心不全を中心とした循環器疾患に関する単なるブログ

心不全について私が知る・思うすべてのこと

心臓リハビリテーション(4)

心不全のリハビリの対象の多くは、BNP 80pg/ml (or NT-proBNP 400pg/ml)以上であろうと思います。LVEFが40%以下で、BNP 80以下という状態の方は、安定している外来患者さんや、慢性心不全ではあるものの、心不全とは別の理由で入院してきた患者さんではありうる数値だと思います。また、心肺運動負荷試験をして、推定のpeakVO2を下回って、80%程度であっても適応となりますが、実際にやればほぼすべての人で適応となってしまうかもしれません。80%以下っている値は、BNPでいうと40pg/mlくらいな感じではないかと思います。

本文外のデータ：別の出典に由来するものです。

Lemma UP_colmx_exchange N (g : 'I_N -> int -> R) (c c' : 'I_N -> nat)
    (j k : 'I_N) (s : nat) :
  exchangeable g -> j != k -> c j = s.+1 -> c k = s.+1 -> c' j = s -> c' k = s.+2 ->
  (forall x, x != j -> x != k -> c' x = c x) ->
  UP (colmx g c) <= UP (colmx g c').
Proof.
move=> g_exch njk cj ck c'j c'k ceq.
have [σ ->] := UP_attained (colmx g c).
set i1 := (σ^-1)%g j; set i2 := (σ^-1)%g k.
have [s1 s2] : σ i1 = j /\ σ i2 = k by rewrite /i1 /i2 !permKV.
have n12 : i1 != i2 by apply: contra njk => /eqP e; rewrite -s1 -s2 e.
have off : forall i, i != i1 -> i != i2 -> (σ i != j) && (σ i != k).
  by move=> i ni1 ni2; rewrite -s1 -s2 !(inj_eq perm_inj) ni1 ni2.
have := g_exch i1 i2 (Posz s.+1).
have -> : Posz s.+1 - 1 = Posz s by rewrite -addn1 PoszD addrK.
have -> : Posz s.+1 + 1 = Posz s.+2 by rewrite -[s.+2]addn1 PoszD.
rewrite le_max => /orP[h|h].
  apply: le_trans (le_UP _ σ); apply: (ler_sum_pair n12).
    by move=> i ni1 ni2; have /andP[? ?] := off i ni1 ni2; rewrite !mxE ceq.
  by rewrite !mxE s1 s2 cj ck c'j c'k.
apply: le_trans (le_UP _ (σ * tperm j k)%g); apply: (ler_sum_pair n12).
  move=> i ni1 ni2; have /andP[? ?] := off i ni1 ni2.
  by rewrite !mxE permM tpermD 1?eq_sym // ceq.
by rewrite !mxE !permM s1 s2 tpermL tpermR cj ck c'j c'k [X in _ <= X]addrC.
Qed.

End UltradiscretePermanent.

(* A shift [t] moves column [j] to label [j + t j]; only [t] on [[0, N)] matters. *)
Definition shift_bounded N K (t : nat -> nat) := forall x, (x < N)%N -> (t x <= K)%N.
Definition shift_sorted N (t : nat -> nat) := forall x, (x.+1 < N)%N -> (t x <= t x.+1)%N.

Lemma shift_sorted_mono N t x y :
  shift_sorted N t -> (x <= y)%N -> (y < N)%N -> (t x <= t y)%N.
Proof.
move=> st xy yN; have xN : (x < N)%N by apply: leq_ltn_trans yN.
apply: (@homo_leq_in _ [pred x | x < N]%N t leq leqnn (fun _ _ _ => @leq_trans _ _ _))
  => //= [i j _ jN k /andP[_ kj]|i _ iN]; [exact: ltn_trans kj jN | exact: st].
Qed.

Lemma shift_sorted_level N t v : shift_sorted N t ->
  exists2 A, (A <= N)%N & forall x, (x < N)%N -> (v <= t x)%N = (A <= x)%N.
Proof.
move=> st; pose A := find (fun x => v <= t x)%N (iota 0 N).
have AN : (A <= N)%N by rewrite -[N in (_ <= N)%N](size_iota 0) find_size.
exists A => // x xN; case: (leqP A x) => [Ax|xA].
  have AN' : (A < N)%N by apply: leq_ltn_trans xN.
  have hasv : has (fun x => v <= t x)%N (iota 0 N) by rewrite has_find size_iota.
  have := nth_find 0%N hasv; rewrite -/A nth_iota // add0n => vA.
  exact: leq_trans vA (shift_sorted_mono st Ax xN).
apply/negbTE.
by have := before_find 0%N xA; rewrite nth_iota ?add0n //; lia.
Qed.

Section ColumnShifts.
Variables (R : realFieldType) (N K : nat) (g : 'I_N -> int -> R) (w : nat -> R).
Hypothesis g_exch : exchangeable g.
Hypothesis w_convex :
  forall x y, (x.+2 <= y)%N -> (y <= K)%N -> w x.+1 + w y.-1 <= w x + w y.

Definition shifted_UP (t : nat -> nat) : R :=
  UP (colmx g (fun j => j + t j)%N) - \sum_(j < N) w (t j).

Lemma shifted_UP_eq t t' :
  (forall x, (x < N)%N -> t x = t' x) -> shifted_UP t = shifted_UP t'.
Proof.
move=> tt'; rewrite /shifted_UP (eq_bigr (fun j : 'I_N => w (t' j))) => [|j _]; last by rewrite tt'.
by congr (UP _ - _); apply/matrixP => i j; rewrite !mxE tt'.
Qed.

Let upd (t : nat -> nat) j a b : nat -> nat :=
  fun x => if x == j then a else if x == j.+1 then b else t x.

Let shift_potential (t : nat -> nat) := (\sum_(j < N) j * t j)%N.

Lemma shifted_UP_sort_step t j : shift_bounded N K t ->
    (j.+1 < N)%N -> (t j.+1 < t j)%N ->
  exists t', [/\ shift_bounded N K t', (shift_potential t < shift_potential t')%N &
    shifted_UP t <= shifted_UP t'].
Proof.
move=> tb hj hlt; pose jo : 'I_N := Ordinal (ltnW hj); pose ko : 'I_N := Ordinal hj.
have njk : jo != ko by rewrite -val_eqE /= neq_ltn ltnSn.
have [tjK tj1K] := (tb j (ltnW hj), tb j.+1 hj).
have jj : (j.+1 == j) = false by rewrite gtn_eqF.
have upd_off a b (x : 'I_N) : x != jo -> x != ko -> upd t j a b x = t x.
  by rewrite -!val_eqE /upd /= => /negbTE-> /negbTE->.
have [tjE|tjN] := eqVneq (t j) (t j.+1).+1.
  exists (upd t j (t j.+1) (t j)); split.
  - by move=> x xN; rewrite /upd; case: ifP => _ //; case: ifP => _ //; exact: tb.
  - apply: (ltn_sum_pair njk) => [x ? ?|]; first by rewrite upd_off.
    rewrite /upd /= !eqxx jj tjE; nia.
  apply: lerB; last first.
    apply: (ler_sum_pair njk) => [x ? ?|]; first by rewrite upd_off.
    by rewrite /upd /= !eqxx jj addrC.
  apply: (UP_colmx_exchange (j := jo) (k := ko) (s := (j + t j.+1)%N)) => //;
    try by rewrite /upd /= ?eqxx ?jj ?tjE; lia.
  by move=> x ? ?; rewrite upd_off.
have ge2 : ((t j.+1).+2 <= t j)%N by rewrite ltn_neqAle eq_sym tjN hlt.
exists (upd t j (t j.+1).+1 (t j).-1); split.
- move=> x xN; rewrite /upd; case: ifP => _; first by lia.
  by case: ifP => _; [lia | exact: tb].
- apply: (ltn_sum_pair njk) => [x ? ?|]; first by rewrite upd_off.
  rewrite /upd /= !eqxx jj; have -> : (t j).-1 = (t j - 1)%N by lia.
  nia.
apply: lerB; last first.
  apply: (ler_sum_pair njk) => [x ? ?|]; first by rewrite upd_off.
  by rewrite /upd /= !eqxx jj [X in _ <= X]addrC; exact: w_convex.
(* the new labels are the old ones with columns [j] and [j + 1] swapped *)
apply: le_trans (UP_colmx_tperm g _ jo ko) _; rewrite le_eqVlt; apply/orP; left.
apply/eqP; congr UP; apply/matrixP => i x; rewrite !mxE /=.
have [->|nj] := eqVneq x jo; first by rewrite tpermL /upd /= eqxx; congr (g _ (Posz _)); lia.
have [->|nk] := eqVneq x ko; first by rewrite tpermR /upd /= eqxx jj; congr (g _ (Posz _)); lia.
by rewrite tpermD 1?eq_sym // upd_off.
Qed.

Lemma shifted_UP_sort t : shift_bounded N K t ->
  exists2 t', shift_bounded N K t' /\ shift_sorted N t' & shifted_UP t <= shifted_UP t'.
Proof.
have pot_bound t' : shift_bounded N K t' -> (shift_potential t' <= N * (N * K))%N.
  move=> tb; have -> : (N * (N * K) = \sum_(j < N) N * K)%N by rewrite sum_nat_const card_ord.
  by apply: leq_sum => j _; apply: leq_mul; [exact: ltnW | exact: tb].
have sorted_or_step t' : shift_sorted N t' \/ exists j, (j.+1 < N)%N /\ (t' j.+1 < t' j)%N.
  case: (boolP [exists j : 'I_N, (j.+1 < N)%N && (t' j.+1 < t' j)%N]).
    by case/existsP => j /andP[? ?]; right; exists j.
  move/existsPn => sorted; left => x xN; have /= := sorted (Ordinal (ltnW xN)).
  by rewrite xN /= -leqNgt.
move=> tb; move: {2}(N * (N * K) - shift_potential t)%N (leqnn (N * (N * K) - shift_potential t)).
move=> d; elim: d t tb => [|d IH] t tb hd;
  (have [st|[j [hj hlt]]] := sorted_or_step t; first by exists t);
  have [t' [tb' lt' le']] := shifted_UP_sort_step tb hj hlt; have := pot_bound t' tb'.
  by lia.
move=> ?; have [|t'' st'' le''] := IH t' tb'; first by lia.
by exists t'' => //; exact: le_trans le''.
Qed.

さて、BNPといっても、いつのBNPかというと、いつでもいいです。BNPがどんなときでも80gp/mlを超えるというのは、それだけで十分に心リハをする必要がある患者さんということになります。さすがに数年前の値とかはどうかと思いますが、心リハ登録直前は60pg/mlではあるものの、その入院の入院時140pg/mlであれば、その140という値をもって心リハ登録でいいと思います。大事なのは、必要なできるだけ多くの患者さんにリハビリテーションを施すということだと思います。

 

心リハをいつ、どのタイミングで始めるかというと、できるだけ早くだと思います。
以前にも言いましたが、運動療法に禁忌はありますが、心リハに禁忌はありません。適応があるなら、その段階からスタートです。

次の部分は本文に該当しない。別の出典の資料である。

(* Let $\varphi$ be a $\mathrm{THT}_1$ formula having some equilibrium model. Then $\varphi$ has an equilibrium model which is strongly ultimately periodic and of size at most $2+2^{|\varphi|}$.
   Context: Fix a finite set $P$ of atomic propositions. THT formulas over $P$ are given by $\varphi ::= p \mid \bot \mid \varphi\vee\varphi \mid \varphi\wedge\varphi \mid \varphi\rightarrow\varphi \mid \mathsf{X}\varphi \mid \varphi\,\mathsf{U}\,\varphi \mid \varphi\,\mathsf{R}\,\varphi$, with $\neg\varphi:=\varphi\rightarrow\bot$. The modalities $\mathsf F\varphi:=\top\,\mathsf U\,\varphi$ and $\mathsf G\varphi:=\bot\,\mathsf R\,\varphi$ are also allowed. A THT interpretation is a pair $M=(H,T)$ of infinite words over $2^P$ with $H(i)\subseteq T(i)$ for all $i$; write $M(i)=(H(i),T(i))$; $M$ is total if $H=T$. Satisfaction $M,i\models\varphi$ is defined by: - $M,i\not\models\bot$; - $M,i\models p$ iff $p\in H(i)$; - $\vee$ and $\wedge$ are interpreted as usual; - $M,i\models\varphi\rightarrow\psi$ iff for both $H'\in\{H,T\}$, either $(H',T),i\not\models\varphi$ or $(H',T),i\models\psi$; - $\mathsf X,\mathsf U,\mathsf R$ have their usual LTL clauses evaluated in $M$. $M\models\varphi$ means $M,0\models\varphi$. An equilibrium model of $\varphi$ is a total $(T,T)\models\varphi$ such that $(H,T)\not\models\varphi$ for every $H$ with $H(i)\subseteq T(i)$ for all $i$ and $H\ne T$. $\mathrm{THT}_1$ is the set of THT formulas in which no temporal modality ($\mathsf X,\mathsf U,\mathsf R,\mathsf F,\mathsf G$) occurs within the scope of another. $|\varphi|$ is the number of distinct subformulas of $\varphi$. An interpretation $M$ is strongly ultimately periodic if there is $i\ge 0$ with $M(k)=M(i)$ for all $k\ge i$. Its size is $j+1$, where $j$ is the smallest such $i$. *)

From HB Require Import structures.
From mathcomp Require Import all_boot.
Set Implicit Arguments.
Unset Strict Implicit.
Unset Printing Implicit Defensive.

Section THT.
Variable P : finType.

(* THT formulas; F and G are included as primitive modalities since the
   paper allows them in the syntax (they matter for |phi|). *)
Inductive form : Type :=
  | Atom of P
  | Bot
  | Or of form & form
  | And of form & form
  | Imp of form & form
  | Next of form
  | Until of form & form
  | Release of form & form
  | Fin of form
  | Glob of form.

Definition Neg (f : form) := Imp f Bot.
Definition Top := Imp Bot Bot.

Fixpoint form_eqb (a b : form) : bool :=
  match a, b with
  | Atom p, Atom q => p == q
  | Bot, Bot => true
  | Or a1 a2, Or b1 b2 => form_eqb a1 b1 && form_eqb a2 b2
  | And a1 a2, And b1 b2 => form_eqb a1 b1 && form_eqb a2 b2
  | Imp a1 a2, Imp b1 b2 => form_eqb a1 b1 && form_eqb a2 b2
  | Next a1, Next b1 => form_eqb a1 b1
  | Until a1 a2, Until b1 b2 => form_eqb a1 b1 && form_eqb a2 b2
  | Release a1 a2, Release b1 b2 => form_eqb a1 b1 && form_eqb a2 b2
  | Fin a1, Fin b1 => form_eqb a1 b1
  | Glob a1, Glob b1 => form_eqb a1 b1
  | _, _ => false
  end.
Theorem ramsey k : ramsey_property k.
Proof.
elim: k => [|k IHk] p.
  exists p => s le_s f; exists (take p s); split; first exact: take_subseq.
    by rewrite size_takel.
  by exists (f [::]) => -[].
have [L chainL] := end_homogeneous_chain IHk (#|C| * p).
exists L => s le_s f.
have [ch [subch sizech endch]] := chainL s le_s f.
have [col] : exists col, p <= count (pred1 col) (map snd ch).
  by apply: (pigeonhole (f [::])); rewrite size_map sizech.
rewrite count_map => le_p.
pose ch' := take p [seq a <- ch | a.2 == col].
have sub' : subseq ch' ch := subseq_trans (take_subseq _ _) (filter_subseq _ _).
exists (map fst ch'); split.
- exact: subseq_trans (map_subseq _ sub') subch.
- by rewrite size_map size_takel // size_filter.
- exists col; apply: end_homogeneous_const (end_homogeneous_subseq sub' endch) _.
  by apply/allP => a /(mem_subseq (take_subseq _ _)); rewrite mem_filter => /andP[].
Qed.

End FiniteRamsey.

Lemma count_ltn_lt_size (S : seq nat) v : v \in S -> count (fun w => w < v) S < size S.
Proof.
move=> vS; rewrite -(count_predC (fun w => w < v) S) -{1}[count _ _]addn0 ltn_add2l.
by rewrite -has_count; apply/hasP; exists v; rewrite //= ltnn.
Qed.

Lemma nth_count_ltn (S : seq nat) v :
  sorted ltn S -> v \in S -> nth 0 S (count (fun w => w < v) S) = v.
Proof.
elim: S => [//|a S IHS] sortS; rewrite inE /=.
have a_lt : all (fun w => a < w) S := order_path_min ltn_trans sortS.
case: eqVneq => [-> _|ne_va /= vS].
  suff -> : count (fun w => w < a) S = 0 by rewrite ltnn.
  apply/eqP; rewrite -leqn0 leqNgt -has_count; apply/hasP => -[w /(allP a_lt) aw].
  by rewrite ltnNge ltnW.
by rewrite (allP a_lt v vS) /= IHS // (path_sorted sortS).
Qed.

Lemma inord_inj n m m' : m <= n -> m' <= n -> inord m = inord m' :> 'I_n.+1 -> m = m'.
Proof. by move=> le_m le_m' /(congr1 val); rewrite /= !inordK. Qed.

Section OrderPattern.

Variable k : nat.
Local Notation pattern := {ffun 'I_k * 'I_k -> bool}.

(* For r the pattern of x, [new_value r j] says that j is the first index at
   which the value x_j occurs, so [pattern_rank r i] counts the distinct
   coordinate values of x below x_i: it is the position of x_i in the sorted
   set of coordinates of x. *)
Definition new_value (r : pattern) (j : 'I_k) : bool :=
  [forall l : 'I_k, (l < j) ==> r (l, j) || r (j, l)].

Definition pattern_rank (r : pattern) (i : 'I_k) : nat :=
  count (fun j => new_value r j && r (j, i)) (enum 'I_k).

Definition pattern_point (T : seq nat) (r : pattern) : k.-tuple nat :=
  [tuple nth 0 T (pattern_rank r i) | i < k].

Definition coordinate_values (x : k.-tuple nat) : seq nat :=
  map (tnth x) [seq j <- enum 'I_k | new_value (order_pattern x) j].

Lemma new_value_order_pattern (x : k.-tuple nat) j :
  new_value (order_pattern x) j = [forall l : 'I_k, (l < j) ==> (tnth x l != tnth x j)].
Proof. by apply: eq_forallb => l; rewrite !ffunE neq_ltn. Qed.

Lemma uniq_coordinate_values x : uniq (coordinate_values x).
Proof.
rewrite map_inj_in_uniq; first by apply: filter_uniq; apply: enum_uniq.
move=> j1 j2.
rewrite !mem_filter !new_value_order_pattern.
move=> /andP[/forallP new1 _] /andP[/forallP new2 _] x12.
apply: val_inj; case: (ltngtP (val j1) (val j2)) => // lt.
- by have := new2 j1; rewrite lt x12 eqxx.
- by have := new1 j2; rewrite lt x12 eqxx.
Qed.

Lemma mem_coordinate_values x : coordinate_values x =i x.
Proof.
move=> v; apply/mapP/idP => [[j _ ->]|xv]; first exact: mem_tnth.
have lt_idx : index v x < k by rewrite -[k in _ < k](size_tuple x) index_mem.
have xj : tnth x (Ordinal lt_idx) = v by rewrite (tnth_nth 0) nth_index.
exists (Ordinal lt_idx) => //; rewrite mem_filter mem_enum andbT new_value_order_pattern.
apply/forallP => l; apply/implyP => lt_l; rewrite xj (tnth_nth 0).
exact/negbT/(before_find 0 lt_l).
Qed.

Lemma pattern_rankE x i :
  pattern_rank (order_pattern x) i = count (fun w => w < tnth x i) (coordinate_values x).
Proof. by rewrite count_map count_filter; apply: eq_count => j; rewrite /= ffunE andbC. Qed.

Lemma pattern_point_cat (x : k.-tuple nat) (S t : seq nat) :
  sorted ltn S -> S =i x -> pattern_point (S ++ t) (order_pattern x) = x.
Proof.
move=> sortS Sx.
have permS : perm_eq S (coordinate_values x).
  apply: uniq_perm; rewrite ?uniq_coordinate_values ?(sorted_uniq ltn_trans ltnn) //.
  by move=> v; rewrite Sx mem_coordinate_values.
apply: eq_from_tnth => i; rewrite tnth_mktuple pattern_rankE -(permP permS).
have xiS : tnth x i \in S by rewrite Sx mem_tnth.
by rewrite nth_cat count_ltn_lt_size // nth_count_ltn.
Qed.

End OrderPattern.

Local Open Scope fset_scope.

Lemma homogeneous_factors_through_pattern k (T : finType) (g : k.-tuple nat -> T)
    (h : seq nat) p
    (col : {ffun {ffun 'I_k * 'I_k -> bool} -> T}) :
  sorted ltn h -> size h = (p + k)%N ->
  (forall t, subseq t h -> size t = k -> [ffun r => g (pattern_point t r)] = col) ->
  forall x, in_cube [fset v in take p h] x -> g x = col (order_pattern x).
Proof.
move=> sort_h size_h col_h x /allP cube_x.
have sort_low : sorted ltn (take p h) := subseq_sorted ltn_trans (take_subseq _ _) sort_h.
pose S := [seq v <- take p h | v \in x].
have Sx : S =i x.
  move=> v; rewrite mem_filter; apply/andP/idP => [[]//|xv]; split=> //.
  by have := cube_x v xv; rewrite inE.
have size_S : size S <= k.
  rewrite -[k](size_tuple x); apply: uniq_leq_size => [|v]; last by rewrite Sx.
  exact/filter_uniq/(sorted_uniq ltn_trans ltnn).
pose t := S ++ take (k - size S)%N (drop p h).
have sub_t : subseq t h.
  rewrite -[h in subseq _ h](cat_take_drop p h).
  exact: cat_subseq (filter_subseq _ _) (take_subseq _ _).
have size_t : size t = k.
  by rewrite size_cat size_takel ?subnKC // size_drop size_h addKn leq_subr.
rewrite -(col_h t sub_t size_t) ffunE pattern_point_cat //.
exact: (sorted_filter ltn_trans _ sort_low).
Qed.

Definition regressive_at k (F : k.-tuple nat -> k.-tuple nat) (E : {fset nat})
    (x : k.-tuple nat) : bool :=
  in_cube E x && (tmax (F x) < tmin x).

Lemma in_cube_sub k (E E' : {fset nat}) (x : k.-tuple nat) :
  {subset E <= E'} -> in_cube E x -> in_cube E' x.
Proof. by move=> EE' /allP cube_x; apply/allP => v /cube_x /EE'. Qed.

Section RegressiveValues.

Variables (k : nat) (F : k.-tuple nat -> k.-tuple nat).
Variables (A : {fset k.-tuple nat}) (E : {fset nat}).
Local Notation regressive := (regressive_at F E).

Lemma card_regressive_values_le_ot :
  {in A &, forall x x', regressive x -> regressive x' ->
     order_pattern x = order_pattern x' -> F x = F x'} ->
  #|` regressive_values F A E| <= ot k.
Proof.
move=> F_pattern.
pose P := [set r | `[< exists x : k.-tuple nat, order_pattern x = r >] ].
pose D := [seq x <- A | regressive x].
pose G r := F (nth [tuple 0 | _ < k] [seq x <- D | order_pattern x == r] 0).
suff sub_G : regressive_values F A E `<=` [fset G r | r in P].
  rewrite (leq_trans (fsubset_leq_card sub_G)) //.
  by rewrite (leq_trans (leq_imfset_card _ _ _)) //= -cardE.
apply/fsubsetP => _ /imfsetP [x /= /andP[xA reg_x] ->].
apply/imfsetP; exists (order_pattern x); first by rewrite inE; apply/asboolP; exists x.
pose l := [seq y <- D | order_pattern y == order_pattern x].
have xD : x \in l by rewrite !mem_filter eqxx /regressive_at reg_x.
have : nth [tuple 0 | _ < k] l 0 \in l.
  by rewrite mem_nth // lt0n size_eq0; apply: contraTneq xD => ->.
rewrite /G -/l; set x' := nth _ l 0.
rewrite !mem_filter => /and3P[/eqP pat_x' reg_x' x'A].
exact: F_pattern (esym pat_x').
Qed.

Definition regressive_code (x : k.-tuple nat) : nat :=
  if regressive x then (index (F x) (regressive_values F A E)).+1 else 0.

Lemma regressive_code_le x : regressive_code x <= #|` regressive_values F A E|.+1.
Proof. by rewrite /regressive_code; case: ifP => // _; rewrite ltnS index_size. Qed.

Lemma regressive_code_inj :
  {in A &, forall x x', regressive x -> regressive x' ->
     regressive_code x = regressive_code x' -> F x = F x'}.
Proof.
move=> x x' xA x'A reg_x reg_x'; rewrite /regressive_code reg_x reg_x' => -[idx].
have mem_x : F x \in regressive_values F A E by apply/imfsetP; exists x; rewrite //= inE xA.
have mem_x' : F x' \in regressive_values F A E by apply/imfsetP; exists x'; rewrite //= inE x'A.
by rewrite -(nth_index (F x) mem_x) idx nth_index.
Qed.

End RegressiveValues.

入院時に、急性心不全で入院となった時にはもちろんですが、心不全の合併を疑われたときにもBNPは測定されると思います。その時にBNP 80pg/mlであれば、心リハの候補です。BNP 80pg/mlだけではもちろん心リハの適応にはなりませんが、何らかの基準や臨床的な判断で心不全と診断されれば、その入院が心不全に関係するものでなくとも、その人は心不全患者であるわけですから、心不全心リハの対象となります。
そして、心リハの対象であれば速やかに心リハの登録となり、多職種による心リハチームがかかわっていくことになります。

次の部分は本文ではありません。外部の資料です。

(* Let $(X,\sigma,T)$ be as in the context and suppose it has no extra spectrum. Let $\pi^L_{eq}:L\to L_{eq}$ be the maximal equicontinuous factor of $(L,\sigma_L)$ (neutral element $e_{eq}=\pi^L_{eq}(e)$), and let $\eta_0:L_{eq}\to X_{eq}$ be the factor map with $\tilde\pi_{eq}=\eta_0\circ\pi^L_{eq}$. Then $\eta_0$ is bijective and $L^{fib}=(\pi^L_{eq})^{-1}(e_{eq})$.
   Context: $T$ is an abelian group acting continuously by $\sigma$ on a compact Hausdorff space $X$; the action is minimal and not distal. $E(X)$ is the Ellis semigroup (closure of $\{\sigma^t\}$ in $X^X$ with pointwise topology), with $T$-action $\sigma_E^t(f)=\sigma^t\circ f$. $\pi_{eq}:X\to X_{eq}$ is the maximal equicontinuous factor; $X_{eq}$ is a compact abelian group with neutral element $0$ a singular point (a point whose fibre contains two distinct proximal points). Fix a minimal idempotent $e$, $L=E(X)e$, $\sigma_L$ the restriction of $\sigma_E$ to $L$, $\mathcal G=eL$. $\tilde\pi_{eq}:L\to X_{eq}$, $\tilde\pi_{eq}(f)=\pi_{eq}(f(x))-\pi_{eq}(x)$ (independent of $x$); it is an equicontinuous factor of $(L,\sigma_L)$. $L^{fib}=\{f\in L:\tilde\pi_{eq}(f)=0\}$, $\mathcal G^{fib}=\mathcal G\cap L^{fib}$. The little structure group $\Gamma\subset\mathcal G$ is generated by the entries of the sandwich matrix of a Rees matrix representation of the kernel of $E(X)$. For a subgroup $H$ of a right-topological group $G$, $\overline{\mathrm{ncl}_G(H)}$ is the topological closure of the smallest normal subgroup of $G$ containing $H$. The system has no extra spectrum (NES) if $\overline{\mathrm{ncl}_{\mathcal G}(\Gamma)}=\mathcal G^{fib}$. *)

From HB Require Import structures.
From mathcomp Require Import all_boot all_order all_algebra.
From mathcomp Require Import all_classical all_reals all_analysis.
Set Implicit Arguments. Unset Strict Implicit. Unset Printing Implicit Defensive.
Import Order.TTheory GRing.Theory Num.Theory.
Local Open Scope classical_set_scope.
Local Open Scope ring_scope.

Definition is_action (T : zmodType) (Y : Type) (rho : T -> Y -> Y) :=
  (forall y, rho 0 y = y) /\ (forall s t y, rho (s + t) y = rho s (rho t y)).

Definition eq_system (T : zmodType) (Y : uniformType) (rho : T -> Y -> Y) :=
  [/\ compact [set: Y], hausdorff_space Y, is_action rho,
      (forall t, continuous (rho t)) &
      (forall U, entourage U -> exists2 V, entourage V &
         forall y z, V (y, z) -> forall t, U (rho t y, rho t z))].

(** p : A -> Y (A an invariant subset of Z, with the subspace topology)
    is a factor map from (A, act) onto (Y, rho). *)
Definition is_factor (T : zmodType) (Z : topologicalType) (A : set Z)
    (act : T -> Z -> Z) (Y : topologicalType) (rho : T -> Y -> Y)
    (p : Z -> Y) :=
  [/\ {within A, continuous p},
      (forall y, exists2 z, A z & p z = y) &
      (forall t z, A z -> p (act t z) = rho t (p z))].

Definition is_max_eq_factor (T : zmodType) (Z : topologicalType) (A : set Z)
    (act : T -> Z -> Z) (Y : uniformType) (rho : T -> Y -> Y) (p : Z -> Y) :=
  [/\ eq_system rho, is_factor A act rho p &
      forall (Y' : uniformType) (rho' : T -> Y' -> Y') (p' : Z -> Y'),
        eq_system rho' -> is_factor A act rho' p' ->
        exists h : Y -> Y', continuous h /\ forall z, A z -> p' z = h (p z)].

Section Ellis.
Variables (T : zmodType) (X : topologicalType) (sigma : T -> X -> X).

Definition minimal_system := forall x, closure (range (fun t => sigma t x)) = [set: X].

Definition ellis : set {ptws X -> X} :=
  closure (range (fun t => (sigma t : {ptws X -> X}))).

Definition actE (t : T) (f : {ptws X -> X}) : {ptws X -> X} := sigma t \o f.

Definition proximal (x y : X) := exists2 f, ellis f & f x = f y.
Definition distal_system := forall x y, proximal x y -> x = y.

Definition left_ideal (I : set {ptws X -> X}) :=
  I `<=` ellis /\ forall f g, ellis f -> I g -> I (f \o g).
Definition minimal_left_ideal (I : set {ptws X -> X}) :=
  [/\ left_ideal I, I !=set0 &
      forall J, left_ideal J -> J !=set0 -> J `<=` I -> J = I].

心リハは、あくまで運動療法を中心とした包括的な治療のことをいいますので、点滴をして、酸素を吸っている状態でも、心リハチームの介入は必要です。運動療法をしてはいけないだけです。


また、登録に関して重要なのは、できるだけリハの登録を主治医の主体性に任せないということです。主治医の心リハの登録指示を待っていると、主治医の意識の高い低いによって登録の早い遅いが起きてしまい、患者さんに適切な心リハが提供できなくなります。
理想は、病棟の責任者クラスが心リハの担当になって、主治医よりも高い権限で登録や心リハのメニューを決めれるのがいいと思っています。
こうすると、主治医の意識如何ではなく、その病院の循環器内科として統一した基準、意思決定により心リハを行うことが可能だからです。もちろん、この責任者クラスは心不全に対して、どの主治医よりも病態を適切に把握し、治療する能力を有していなければなりません。そうでなければ、治療の邪魔をするというあってはならないことをしてしまうこととなってしまいます。

 

私が、ある大学病院にいた時には、CCU病棟の主任と急性期治療の責任者(他の病棟を含めた循環器疾患の治療責任者)が兼務で、さらに心リハの担当も行っていたため、重症・急性期治療の意思決定と心リハの意思決定がずれることはありませんでした。個人的には、この形態が最も心リハを有効に運用できると思いっています。これは、あくまで理想ですが、やはり心リハの担当医は、心不全に対して、その病院で最も詳しい医師であるのが望ましく、かつ、各主治医よりも高い地位にあればいうことはないと思います。
心不全に詳しいということは、専門的に技術はないにしても、冠動脈や不整脈に関しては何も知らないということはまずない(逆は大いにある)と思いますので、術後や心筋梗塞を含め、すべての心リハを安全に、かつ効果的に運用できるのではないかと思います。